You can connect BI tools or dashboards (e.g., Superset, Grafana) to monitor alerts live.


Step 5: Use Incremental Queries for Downstream Jobs

Power alerting engines or rule-based engines using only changed data:

spark.read.format("hudi") \
.option("hoodie.datasource.query.type", "incremental") \
.option("hoodie.datasource.read.begin.instanttime", "20240401000000") \
.load("s3://data-lake/fraud_txn_table/")

Use this for:

  • Streaming enrichment jobs
  • ML feature engineering pipelines
  • Notifying fraud teams

Best Practices

  • Use Merge-on-Read for fast ingestion and delayed compaction
  • Set proper precombine field (e.g., event_time) for deduplication
  • Enable inline or async compaction to manage read performance
  • Partition by date or region to reduce scan size
  • Use Hive sync for seamless integration with Athena or Presto
  • Secure your table with fine-grained access via AWS Lake Formation or Ranger

Conclusion

Apache Hudi is a powerful platform for building real-time fraud detection systems at scale.

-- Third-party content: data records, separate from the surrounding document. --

Theorem lemma4p2 (K : fieldType) (L : closedFieldType) (iota : {rmorphism K -> L})
  (m : nat) (a b al be ga de : K) :
  (2 < m)%N ->
  (m%:R : K) != 0 ->
  (exists z : K, m.-primitive_root z) ->
  a != 0 ->
  ~ (exists y : K, y ^+ m = a) ->
  b != 0 ->
  al * de - be * ga != 0 ->
  (forall x : L, x ^+ m = iota a ->
     exists2 y : L, y ^+ m = iota b &
       mobius (iota al) (iota be) (iota ga) (iota de) (Some x) = Some y) ->
  (forall y : L, y ^+ m = iota b ->
     exists2 x : L, x ^+ m = iota a &
       mobius (iota al) (iota be) (iota ga) (iota de) (Some x) = Some y) ->
  exists2 c : K, c != 0 &
    (forall p : P1 L,
       mobius (iota al) (iota be) (iota ga) (iota de) p
       = mobius (iota c) 0 0 1 p)
    \/
    (forall p : P1 L,
       mobius (iota al) (iota be) (iota ga) (iota de) p
       = mobius 0 (iota c) 1 0 p).
Proof.
(* a != 0 holds anyway, and only the inclusion of the roots of X^m - a into
   the preimage of those of X^m - b is needed. *)
move=> m_gt2 m_neq0 [z z_prim] _ not_pow b_neq0 det maps_roots _.
have [x x_root] : exists x : L, x ^+ m = iota a.
  have /closed_rootP [x] : size ('X^m - (iota a)%:P : {poly L}) != 1%N.
    by rewrite size_XnsubC ?eqSS -?lt0n // ltnW // ltnW.
  by rewrite rootE !hornerE subr_eq0 => /eqP; exists x.
have x_notin : forall c, iota c != x.
  move=> c; apply/eqP => cx; apply: not_pow; exists c.
  by apply: (fmorph_inj iota); rewrite rmorphXn cx.
have [w [w_root w_neq1] w_twist] :=
  exists_twisting_root_of_unity x_notin m_neq0 x_root m_gt2 z_prim.
have [al_ga be_de] := mobius_coef_products_eq0 m_gt2 z_prim x_root
  (notin_image_neq0 x_notin) w_root w_neq1 w_twist b_neq0 det maps_roots.
exact: mobius_monomial.
Qed.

With upsert support, incremental queries, and streaming capabilities, Hudi enables fast, accurate, and secure pipelines — making it a perfect fit for modern, ACID-compliant lakehouses.

By combining Hudi with Spark, Kafka, and query tools like Athena or Presto, you can turn raw transactional streams into intelligent, real-time fraud insights.